American politician and publisher (1882-1942)

Clyde Howard Tavenner (February 4, 1882 - February 6, 1942) was an American politician and publisher who served as a U.S. representative from Illinois's 14th congressional district from 1913 to 1917.

==Early life==
Tavenner was born in Cordova, Illinois, on February 4, 1882. He attended the public schools of Cordova and engaged in the printing trade starting at the age of eight starting his career as a newspaper sales boy and type setter. At age 14, Tavenner starting printing a small paper titled The Boys’ Bulletin.

== Career ==
He moved to Chicago and began writing for the City Press Association gaining wide spread praise for his honest credibility across the city. He moved to Washington, D.C., as a political correspondent for the Rock Island Argus writing letters known as “Tav’s Articles” which had been circulated to over 1200 newspapers all across the nation from the Pacific coast to the Atlantic coast. In 1910 he was hired by Democratic congressional leader Champ Clark as director of publicity for the Democratic Congressional Campaign Committee.
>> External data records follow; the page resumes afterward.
Definition amenable (G : Type) (mul : G -> G -> G) : Prop :=
  exists m : (G -> Real) -> Real,
    [/\ (forall f g, bounded_fun f -> bounded_fun g ->
           m (fun x => f x + g x) = m f + m g),
        (forall (a : Real) f, bounded_fun f -> m (fun x => a * f x) = a * m f),
        (forall f, bounded_fun f -> (forall x, 0 <= f x) -> 0 <= m f),
        m (fun _ => 1) = 1 &
        (forall g f, bounded_fun f -> m (fun x => f (mul g x)) = m f)].

Section Covers.
Variable X : topologicalType.

Definition covers (Z : set X) (U : seq (set X)) : Prop :=
  (forall i, (i < size U)%N -> open (nth set0 U i)) /\
  (forall x, Z x -> exists2 i, (i < size U)%N & nth set0 U i x).

(* the members are pairwise distinct (a collection, i.e. a set of opens) *)
Definition distinct_members (U : seq (set X)) : Prop :=
  forall i j, (i < size U)%N -> (j < size U)%N -> nth set0 U i = nth set0 U j -> i = j.

Definition fin_open_cover (Y : set X) (U : seq (set X)) : Prop :=
  [/\ covers Y U, (forall i, (i < size U)%N -> nth set0 U i !=set0) &
      distinct_members U].

Definition refines (V U : seq (set X)) : Prop :=
  forall j, (j < size V)%N -> exists2 i, (i < size U)%N & nth set0 V j `<=` nth set0 U i.
(* For given positive integers $N_s$ ($s\in\mathcal S$) and $N=\sum_s N_s$, let $M_s=\lfloor N/N_s\rfloor$ and $r_s=N\bmod N_s$. Consider an sAEDS with $|\mathcal X_s|=N_s$ in which, for each $s$, exactly $N_s-r_s$ states $x\in\mathcal X_s$ have $|\mathcal F^+_x|=M_s$ and the other $r_s$ have $|\mathcal F^+_x|=M_s+1$, and, for a stationary distribution $Q$ of its state chain, each $\mathcal F^+_x$ is encoded by a phased-in code (with $|\mathcal F^+_x|$ codewords) matched to $Q$ restricted to $\mathcal F^+_x$. Then $$L\le H(p)+D(p\|q)+\sigma+\sum_{s\in\mathcal S}p(s)\lg\frac{M_s+\tilde Q_{M_s+1}}{N/N_s},$$ where $\sigma=\lg\lg e+1-\lg e$ and $\tilde Q_{M_s+1}=\sum_{x\in\mathcal X_s,\ |\mathcal F^+_x|=M_s+1}\tilde Q_s(x)$.
   Context: Let $\mathcal S$ be a finite alphabet with $|\mathcal S|\ge 2$ and $p=\{p(s)\}$ a probability distribution with $p(s)>0$ for all $s$ (i.i.d. source). $\mathcal B=\{0,1\}^*$ (including the empty word), $l(\beta)$ the word length, $\lg=\log_2$. An AEDS with finite state set $\mathcal X$, $|\mathcal X|=N$, consists of maps $E_{\hat x}:\mathcal S\to\mathcal B$ and $F^-_{\hat x}:\mathcal S\to\mathcal X$ ($\hat x\in\mathcal X$) such that for every $x\in\mathcal X$ the words $E_{\hat x}(s)$ over all pairs $(\hat x,s)$ with $F^-_{\hat x}(s)=x$ are pairwise distinct and form a prefix-free set. The state chain is the Markov chain on $\mathcal X$ moving from $\hat x$ to $F^-_{\hat x}(s)$ with probability $p(s)$; for a stationary distribution $Q$ the average code length is $L=\sum_{\hat x}\sum_s p(s)Q(\hat x)l(E_{\hat x}(s))$. A state-divided AEDS (sAEDS) is an AEDS for which the sets $\mathcal X_s=\{F^-_{\hat x}(s):\hat x\in\mathcal X\}$ are pairwise disjoint with union $\mathcal X$; $N_s=|\mathcal X_s|$, $q(s)=N_s/N$. For $x\in\mathcal X_s$, $\mathcal F^+_x=\{\hat x: F^-_{\hat x}(s)=x\}$; for each $s$ these sets partition $\mathcal X$. An sAEDS is thus specified by the partitions and, for each $x\in\mathcal X_s$, an injective prefix-free code $\hat x\mapsto E_{\hat x}(s)$ on $\mathcal F^+_x$; the state chain (hence $Q$) depends only on $p$ and the partitions. For $x\in\mathcal X_s$, $\tilde Q_s(x)=\sum_{\hat x\in\mathcal F^+_x}Q(\hat x)$. Phased-in code: for an integer $M\ge1$ and $k=\lceil\lg M\rceil$, a prefix-free code on an $M$-element set with $2^k-M$ codewords of length $k-1$ and $2M-2^k$ codewords of length $k$ (for $M=1$, the single empty word). It is matched to a distribution on that set if the length-$(k-1)$ codewords go to $2^k-M$ elements of largest probability. $H(p)=-\sum_s p(s)\lg p(s)$, $D(p\|q)=\sum_s p(s)\lg(p(s)/q(s))$. *)

From HB Require Import structures.
From mathcomp Require Import all_boot all_order all_algebra.
From mathcomp Require Import all_classical all_reals.
From mathcomp Require Import all_analysis.
Set Implicit Arguments. Unset Strict Implicit. Unset Printing Implicit Defensive.
Import Order.TTheory GRing.Theory Num.Theory.
Local Open Scope ring_scope.

Section AEDS.
Variables (R : realType) (S X : finType).

Definition lg (x : R) : R := ln x / ln 2.

Definition entropy (p : S -> R) : R := - \sum_s p s * lg (p s).
Definition kldiv (p q : S -> R) : R := \sum_s p s * lg (p s / q s).
Definition sigma : R := lg (lg (expR 1)) + 1 - lg (expR 1).

(* AEDS condition: for every state x, the words E_xh(s) over all pairs
   (xh, s) with F^-_xh(s) = x are pairwise distinct and prefix-free. *)
Definition is_AEDS (E : X -> S -> seq bool) (F : X -> S -> X) : Prop :=
  forall x (a b : X * S), F a.1 a.2 = x -> F b.1 b.2 = x -> a != b ->
    E a.1 a.2 != E b.1 b.2 /\ ~~ prefix (E a.1 a.2) (E b.1 b.2).

Definition Xs (F : X -> S -> X) (s : S) : {set X} := [set F xh s | xh in X].

Definition Fplus (F : X -> S -> X) (s : S) (x : X) : {set X} :=
  [set xh | F xh s == x].

Definition is_sAEDS (E : X -> S -> seq bool) (F : X -> S -> X) : Prop :=
  [/\ is_AEDS E F,
      (forall s t, s != t -> [disjoint Xs F s & Xs F t]) &
      \bigcup_(s : S) Xs F s = [set: X]].

(* stationary distribution of the state chain (xh -> F xh s w.p. p s) *)
Definition stationary (p : S -> R) (F : X -> S -> X) (Q : X -> R) : Prop :=
  [/\ forall x, 0 <= Q x,
      \sum_x Q x = 1 &
      forall x, Q x = \sum_(xh : X) \sum_(s : S | F xh s == x) p s * Q xh].

Definition avg_len (p : S -> R) (E : X -> S -> seq bool) (Q : X -> R) : R :=
  \sum_(xh : X) \sum_(s : S) p s * Q xh * (size (E xh s))%:R.

(* c restricted to A is a phased-in code: injective, prefix-free, with
   k = ceil(lg |A|), all lengths in {k-1, k}, exactly 2|A| - 2^k codewords
   of length k (hence 2^k - |A| of length k-1); for |A| = 1 this forces the
   single empty word. *)
Definition phased_in_matched (Q : X -> R) (A : {set X}) (c : X -> seq bool)
  : Prop :=
  let M := #|A| in let k := up_log 2 M in
  [/\ forall y y', y \in A -> y' \in A -> y != y' ->
        c y != c y' /\ ~~ prefix (c y) (c y'),
      forall y, y \in A -> size (c y) = k \/ (size (c y)).+1 = k,
      #|[set y in A | size (c y) == k]| = (2 * M - 2 ^ k)%N &
      forall y y', y \in A -> y' \in A ->
        (size (c y)).+1 = k -> size (c y') = k -> Q y' <= Q y].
In 1910, he won the nomination for U.S. Congress from Illinois's 14th congressional district. In the past the district voted heavily Republican but in 1910 Tavenner waged an energetic campaign for the seat. He had the support and backing of Champ Clark and other prominent Democrats in Washington. Tavenner successfully challenged the Republican incumbent James McKinney on his vote in favor of the Payne–Aldrich Tariff Act, which produced high tariff rates on goods entering the country and angered many members of the Republican Party who felt that tariff rates should be lower. Despite his efforts, Tavenner lost the election by a close margin.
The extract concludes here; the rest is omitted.